Directions for this task →
Only the lines from the start of the entries through the line with "From mathcomp Require Import all_boot." are wanted; please output them exactly.

(Collected data entries)
********************
(* Let $G$ be a graph and let $\mathcal{P} = \{V_1,\dots,V_k\}$ be a partition of $V(G)$ such that $|V_i| > 2\Delta(G)$ for all $i \in [k-1]$. Then for any $v_k, v_k' \in V_k$ there exists an independent transversal $T$ of $\{V_1,\dots,V_{k-1}\}$ such that both $T \cup \{v_k\}$ and $T\cup\{v_k'\}$ are independent transversals of $\mathcal{P}$.
   Context: Given a graph $G$ and a collection $\mathcal{Q}=\{W_1,\dots,W_m\}$ of pairwise disjoint subsets of $V(G)$: a transversal of $\mathcal{Q}$ is a set $S \subseteq \bigcup_i W_i$ with $|S \cap W_i| = 1$ for every $i\in[m]$; an independent transversal of $\mathcal{Q}$ is a transversal of $\mathcal{Q}$ that is an independent set in $G$. $\Delta(G)$ is the maximum degree of $G$. *)

(* A simple graph G is a symmetric irreflexive relation e on a finType T. *)
From mathcomp Require Import all_boot.
Set Implicit Arguments. Unset Strict Implicit. Unset Printing Implicit Defensive.

Definition maxdeg (T : finType) (e : rel T) : nat :=
  \max_(x : T) #|[set y | e x y]|.

Definition independent (T : finType) (e : rel T) (S : {set T}) : Prop :=
  forall x y, x \in S -> y \in S -> ~~ e x y.

Definition transversal (T : finType) (I : finType) (W : I -> {set T}) (S : {set T}) : Prop :=
  S \subset \bigcup_(i : I) W i /\ forall i : I, #|S :&: W i| = 1.

Definition indep_transversal (T : finType) (e : rel T) (I : finType)
  (W : I -> {set T}) (S : {set T}) : Prop :=
  transversal W S /\ independent e S.

From mathcomp Require Import all_boot zify.
From Stdlib Require Import Classical.

Set Implicit Arguments. Unset Strict Implicit. Unset Printing Implicit Defensive.

(* Delete the neighbourhoods of v and v', at most 2 Delta vertices in all, from
   V_1, ..., V_{k-1}.  The truncated parts W_i still satisfy Haxell's condition
   |U_{i in J} W_i| > 2 Delta (|J| - 1) for every nonempty J, so they have an
   independent transversal, and it has no neighbour of v or v'.

   Haxell's theorem is proved by adding the parts one at a time.  To extend a
   partial independent transversal to a new part W_n, grow a sequence of
   stages: at each stage pick, among all transversals compatible with the
   earlier stages and all vertices y of W_n or of a part already hit by a
   stage that are not dominated by earlier stages, a pair minimising the number
   m of neighbours of y in the transversal.  The counting condition guarantees
   such y exists.  If m = 0 and y is in W_n we are done; if m = 0 and y is in
   an earlier part, exchanging y for that part's vertex contradicts the
   minimality of that earlier stage; if m > 0 the part of a neighbour x of y
   is new, giving the next stage.  There are at most #|J| stages. *)

Lemma ex_minimal_nat (P : nat -> Prop) :
  (exists n, P n) -> exists2 n, P n & forall m, P m -> n <= m.
Proof.
case=> n; elim/ltn_ind: n => n IH Pn.
have [[m ltmn Pm] | no_smaller] := classic (exists2 m, m < n & P m); first exact: IH m ltmn Pm.
exists n => // m Pm; rewrite leqNgt; apply/negP => ltmn; by apply: no_smaller; exists m.
Qed.

Lemma leq_card_bigcup_seq (T : finType) (A : Type) (F : A -> {set T}) (r : seq A) d :
  (forall a, #|F a| <= d) -> #|\bigcup_(a <- r) F a| <= size r * d.
Proof.
move=> le_d; elim: r => [|a r IH]; first by rewrite big_nil cards0.
rewrite big_cons mulSn; apply: leq_trans (leq_card_setU _ _) _.
exact: leq_add.
Qed.

Lemma card_bigcup_disjoint (T I : finType) (F : I -> {set T}) (J : {pred I}) :
  (forall i j, i != j -> [disjoint F i & F j]) ->
  #|\bigcup_(i in J) F i| = \sum_(i in J) #|F i|.
Proof.
move=> F_disj; rewrite -!big_enum; elim: (enum J) (enum_uniq J) => [|i r IH] /=.
  by rewrite !big_nil cards0.
case/andP=> i_r r_uniq; rewrite !big_cons -IH //.
apply/eqP; rewrite (leq_card_setU _ _).2 bigcup_seq.
apply: bigcup_disjoint => j j_r; apply: F_disj.
by apply: contraNneq i_r => ->.
Qed.

Lemma setU1I_in (T : finType) (u : T) (S X : {set T}) :
  u \in X -> [disjoint S & X] -> (u |: S) :&: X = [set u].
Proof.
move=> uX SX; apply/setP=> z; rewrite !inE.
case: (z =P u) => [-> | _]; first by rewrite uX.
by case zX: (z \in X); rewrite ?andbF //= (disjointFl SX zX).
Qed.

Lemma setU1I_notin (T : finType) (u : T) (S X : {set T}) :
  u \notin X -> (u |: S) :&: X = S :&: X.
Proof.
move=> uX; apply/setP=> z; rewrite !inE.
by case: (z =P u) => [-> | _] //=; rewrite (negbTE uX) !andbF.
Qed.

Lemma independent_setU1 (T : finType) (e : rel T) (u : T) (S : {set T}) :
  symmetric e -> irreflexive e -> independent e S -> [disjoint [set y | e u y] & S] ->
  independent e (u |: S).
Proof.
move=> e_sym e_irr S_indep u_isolated.
have u_nadj z : z \in S -> ~~ e u z.
  by move=> zS; have := disjointFl u_isolated zS; rewrite inE => ->.
move=> a b; rewrite !inE => /predU1P[-> | aS] /predU1P[-> | bS].
- by rewrite e_irr.
- exact: u_nadj.
- by rewrite e_sym u_nadj.
- exact: S_indep.
Qed.

Section Haxell.
Variables (T : finType) (e : rel T) (I : finType) (W : I -> {set T}) (D : nat).
Hypotheses (e_sym : symmetric e) (e_irr : irreflexive e).
Hypothesis card_nbhd_le : forall x, #|[set y | e x y]| <= D.
Hypothesis W_disj : forall i j, i != j -> [disjoint W i & W j].
Hypothesis W_large : forall J : {set I}, J != set0 ->
  2 * D * (#|J| - 1) < #|\bigcup_(i in J) W i|.

Local Notation nbhd x := [set y | e x y].

Lemma W_inj i j x : x \in W i -> x \in W j -> i = j.
Proof.
move=> xi xj; apply/eqP; apply: contraLR xi => /W_disj ij.
by rewrite (disjointFl ij xj).
Qed.

Definition indep_transversal_on (J : {set I}) (M : {set T}) :=
  [/\ M \subset \bigcup_(i in J) W i, independent e M &
      forall i, i \in J -> #|M :&: W i| = 1].

Lemma indep_transversal_on0 : indep_transversal_on set0 set0.
Proof. by split=> [|x y|i]; rewrite ?sub0set ?inE. Qed.

Lemma indep_transversal_on_eq J M i x y : indep_transversal_on J M -> i \in J ->
  x \in M :&: W i -> y \in M :&: W i -> x = y.
Proof.
case=> _ _ one_per_part iJ xMi yMi.
have /card_le1_eqP le1 : #|M :&: W i| <= 1 by rewrite one_per_part.
exact: le1.
Qed.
********************
Exercise result →
(* Let $G$ be a graph and let $\mathcal{P} = \{V_1,\dots,V_k\}$ be a partition of $V(G)$ such that $|V_i| > 2\Delta(G)$ for all $i \in [k-1]$. Then for any $v_k, v_k' \in V_k$ there exists an independent transversal $T$ of $\{V_1,\dots,V_{k-1}\}$ such that both $T \cup \{v_k\}$ and $T\cup\{v_k'\}$ are independent transversals of $\mathcal{P}$.
   Context: Given a graph $G$ and a collection $\mathcal{Q}=\{W_1,\dots,W_m\}$ of pairwise disjoint subsets of $V(G)$: a transversal of $\mathcal{Q}$ is a set $S \subseteq \bigcup_i W_i$ with $|S \cap W_i| = 1$ for every $i\in[m]$; an independent transversal of $\mathcal{Q}$ is a transversal of $\mathcal{Q}$ that is an independent set in $G$. $\Delta(G)$ is the maximum degree of $G$. *)

(* A simple graph G is a symmetric irreflexive relation e on a finType T. *)
From mathcomp Require Import all_boot.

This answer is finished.